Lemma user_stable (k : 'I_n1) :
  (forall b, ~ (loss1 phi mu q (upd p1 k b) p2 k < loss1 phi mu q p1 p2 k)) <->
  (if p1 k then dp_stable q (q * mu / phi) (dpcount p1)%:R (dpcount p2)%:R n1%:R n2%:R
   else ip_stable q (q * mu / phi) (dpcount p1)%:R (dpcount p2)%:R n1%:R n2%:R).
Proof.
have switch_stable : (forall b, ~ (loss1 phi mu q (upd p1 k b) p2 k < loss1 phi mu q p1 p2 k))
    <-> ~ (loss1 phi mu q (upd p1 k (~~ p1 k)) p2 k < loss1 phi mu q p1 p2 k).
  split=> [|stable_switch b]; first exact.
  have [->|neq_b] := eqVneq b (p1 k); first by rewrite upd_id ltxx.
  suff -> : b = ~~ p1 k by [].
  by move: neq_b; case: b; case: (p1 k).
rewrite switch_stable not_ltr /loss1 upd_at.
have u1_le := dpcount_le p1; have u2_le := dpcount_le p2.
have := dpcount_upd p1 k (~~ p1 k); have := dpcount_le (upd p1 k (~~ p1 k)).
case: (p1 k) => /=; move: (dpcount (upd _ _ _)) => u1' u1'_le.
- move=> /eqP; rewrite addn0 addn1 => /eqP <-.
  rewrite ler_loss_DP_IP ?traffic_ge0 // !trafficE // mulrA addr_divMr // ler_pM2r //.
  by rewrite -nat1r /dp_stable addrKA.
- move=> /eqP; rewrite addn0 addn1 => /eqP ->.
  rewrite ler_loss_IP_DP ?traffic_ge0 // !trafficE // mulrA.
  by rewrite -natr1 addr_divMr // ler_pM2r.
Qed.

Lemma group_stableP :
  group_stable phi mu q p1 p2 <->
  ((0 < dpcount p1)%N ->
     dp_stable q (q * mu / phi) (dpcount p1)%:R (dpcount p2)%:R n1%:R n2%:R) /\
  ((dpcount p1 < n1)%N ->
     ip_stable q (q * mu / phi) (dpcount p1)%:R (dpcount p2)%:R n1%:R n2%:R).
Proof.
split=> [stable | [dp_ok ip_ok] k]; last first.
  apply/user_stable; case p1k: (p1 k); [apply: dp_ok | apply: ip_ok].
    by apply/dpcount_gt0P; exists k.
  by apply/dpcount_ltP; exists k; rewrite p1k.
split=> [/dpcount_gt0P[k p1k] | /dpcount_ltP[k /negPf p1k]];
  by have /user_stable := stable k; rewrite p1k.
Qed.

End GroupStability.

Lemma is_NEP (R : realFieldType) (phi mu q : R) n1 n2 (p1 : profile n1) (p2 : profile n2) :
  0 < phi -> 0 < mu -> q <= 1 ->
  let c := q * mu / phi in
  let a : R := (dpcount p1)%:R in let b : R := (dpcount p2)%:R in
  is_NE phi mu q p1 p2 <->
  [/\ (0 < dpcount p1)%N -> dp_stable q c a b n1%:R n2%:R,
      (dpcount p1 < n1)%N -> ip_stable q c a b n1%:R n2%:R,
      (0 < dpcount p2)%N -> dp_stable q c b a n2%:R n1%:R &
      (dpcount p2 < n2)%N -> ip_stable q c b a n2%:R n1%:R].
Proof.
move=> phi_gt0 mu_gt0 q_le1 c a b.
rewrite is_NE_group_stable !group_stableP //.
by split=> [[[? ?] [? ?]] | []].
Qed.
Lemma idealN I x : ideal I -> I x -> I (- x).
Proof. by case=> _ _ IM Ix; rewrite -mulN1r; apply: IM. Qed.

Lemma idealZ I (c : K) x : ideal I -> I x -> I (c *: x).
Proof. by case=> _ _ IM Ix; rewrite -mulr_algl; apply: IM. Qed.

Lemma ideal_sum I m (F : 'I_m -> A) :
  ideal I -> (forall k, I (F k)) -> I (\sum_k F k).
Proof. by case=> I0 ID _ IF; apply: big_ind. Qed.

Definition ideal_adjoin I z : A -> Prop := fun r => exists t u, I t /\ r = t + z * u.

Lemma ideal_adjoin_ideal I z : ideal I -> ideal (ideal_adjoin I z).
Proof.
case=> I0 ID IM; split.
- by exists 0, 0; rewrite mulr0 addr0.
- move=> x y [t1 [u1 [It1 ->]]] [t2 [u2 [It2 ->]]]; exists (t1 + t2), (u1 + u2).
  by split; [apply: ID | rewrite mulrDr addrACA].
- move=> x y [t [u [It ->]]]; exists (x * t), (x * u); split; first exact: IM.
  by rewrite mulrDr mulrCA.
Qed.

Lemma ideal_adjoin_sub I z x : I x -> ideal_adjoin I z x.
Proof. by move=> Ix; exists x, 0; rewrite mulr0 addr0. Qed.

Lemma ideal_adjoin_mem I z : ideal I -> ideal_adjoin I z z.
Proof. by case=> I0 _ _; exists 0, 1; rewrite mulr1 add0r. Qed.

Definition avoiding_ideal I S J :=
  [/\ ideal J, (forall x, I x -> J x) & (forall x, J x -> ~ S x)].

--------

- [EXERCISE DETAILS] Retype the entries. Every line must match exactly.

- [YOUR SOLUTION]
Lemma user_stable (k : 'I_n1) :
  (forall b, ~ (loss1 phi mu q (upd p1 k b) p2 k < loss1 phi mu q p1 p2 k)) <->
  (if p1 k then dp_stable q (q * mu / phi) (dpcount p1)%:R (dpcount p2)%:R n1%:R n2%:R
   else ip_stable q (q * mu / phi) (dpcount p1)%:R (dpcount p2)%:R n1%:R n2%:R).
Proof.
have switch_stable : (forall b, ~ (loss1 phi mu q (upd p1 k b) p2 k < loss1 phi mu q p1 p2 k))
    <-> ~ (loss1 phi mu q (upd p1 k (~~ p1 k)) p2 k < loss1 phi mu q p1 p2 k).
  split=> [|stable_switch b]; first exact.
  have [->|neq_b] := eqVneq b (p1 k); first by rewrite upd_id ltxx.
  suff -> : b = ~~ p1 k by [].
  by move: neq_b; case: b; case: (p1 k).
rewrite switch_stable not_ltr /loss1 upd_at.
have u1_le := dpcount_le p1; have u2_le := dpcount_le p2.
have := dpcount_upd p1 k (~~ p1 k); have := dpcount_le (upd p1 k (~~ p1 k)).
case: (p1 k) => /=; move: (dpcount (upd _ _ _)) => u1' u1'_le.
- move=> /eqP; rewrite addn0 addn1 => /eqP <-.
  rewrite ler_loss_DP_IP ?traffic_ge0 // !trafficE // mulrA addr_divMr // ler_pM2r //.
  by rewrite -nat1r /dp_stable addrKA.
- move=> /eqP; rewrite addn0 addn1 => /eqP ->.
  rewrite ler_loss_IP_DP ?traffic_ge0 // !trafficE // mulrA.
  by rewrite -natr1 addr_divMr // ler_pM2r.
Qed.

Lemma group_stableP :
  group_stable phi mu q p1 p2 <->
  ((0 < dpcount p1)%N ->
     dp_stable q (q * mu / phi) (dpcount p1)%:R (dpcount p2)%:R n1%:R n2%:R) /\
  ((dpcount p1 < n1)%N ->
     ip_stable q (q * mu / phi) (dpcount p1)%:R (dpcount p2)%:R n1%:R n2%:R).
Proof.
split=> [stable | [dp_ok ip_ok] k]; last first.
  apply/user_stable; case p1k: (p1 k); [apply: dp_ok | apply: ip_ok].
    by apply/dpcount_gt0P; exists k.
  by apply/dpcount_ltP; exists k; rewrite p1k.
split=> [/dpcount_gt0P[k p1k] | /dpcount_ltP[k /negPf p1k]];
  by have /user_stable := stable k; rewrite p1k.
Qed.

End GroupStability.

Lemma is_NEP (R : realFieldType) (phi mu q : R) n1 n2 (p1 : profile n1) (p2 : profile n2) :
  0 < phi -> 0 < mu -> q <= 1 ->
  let c := q * mu / phi in
  let a : R := (dpcount p1)%:R in let b : R := (dpcount p2)%:R in
  is_NE phi mu q p1 p2 <->
  [/\ (0 < dpcount p1)%N -> dp_stable q c a b n1%:R n2%:R,
      (dpcount p1 < n1)%N -> ip_stable q c a b n1%:R n2%:R,
      (0 < dpcount p2)%N -> dp_stable q c b a n2%:R n1%:R &
      (dpcount p2 < n2)%N -> ip_stable q c b a n2%:R n1%:R].
Proof.
move=> phi_gt0 mu_gt0 q_le1 c a b.
rewrite is_NE_group_stable !group_stableP //.
by split=> [[[? ?] [? ?]] | []].
Qed.
Lemma idealN I x : ideal I -> I x -> I (- x).
Proof. by case=> _ _ IM Ix; rewrite -mulN1r; apply: IM. Qed.

Lemma idealZ I (c : K) x : ideal I -> I x -> I (c *: x).
Proof. by case=> _ _ IM Ix; rewrite -mulr_algl; apply: IM. Qed.

Lemma ideal_sum I m (F : 'I_m -> A) :
  ideal I -> (forall k, I (F k)) -> I (\sum_k F k).
Proof. by case=> I0 ID _ IF; apply: big_ind. Qed.

Definition ideal_adjoin I z : A -> Prop := fun r => exists t u, I t /\ r = t + z * u.

Lemma ideal_adjoin_ideal I z : ideal I -> ideal (ideal_adjoin I z).
Proof.
case=> I0 ID IM; split.
- by exists 0, 0; rewrite mulr0 addr0.
- move=> x y [t1 [u1 [It1 ->]]] [t2 [u2 [It2 ->]]]; exists (t1 + t2), (u1 + u2).
  by split; [apply: ID | rewrite mulrDr addrACA].
- move=> x y [t [u [It ->]]]; exists (x * t), (x * u); split; first exact: IM.
  by rewrite mulrDr mulrCA.
Qed.

Lemma ideal_adjoin_sub I z x : I x -> ideal_adjoin I z x.
Proof. by move=> Ix; exists x, 0; rewrite mulr0 addr0. Qed.

Lemma ideal_adjoin_mem I z : ideal I -> ideal_adjoin I z z.
Proof. by case=> I0 _ _; exists 0, 1; rewrite mulr1 add0r. Qed.

Definition avoiding_ideal I S J :=
  [/\ ideal J, (forall x, I x -> J x) & (forall x, J x -> ~ S x)].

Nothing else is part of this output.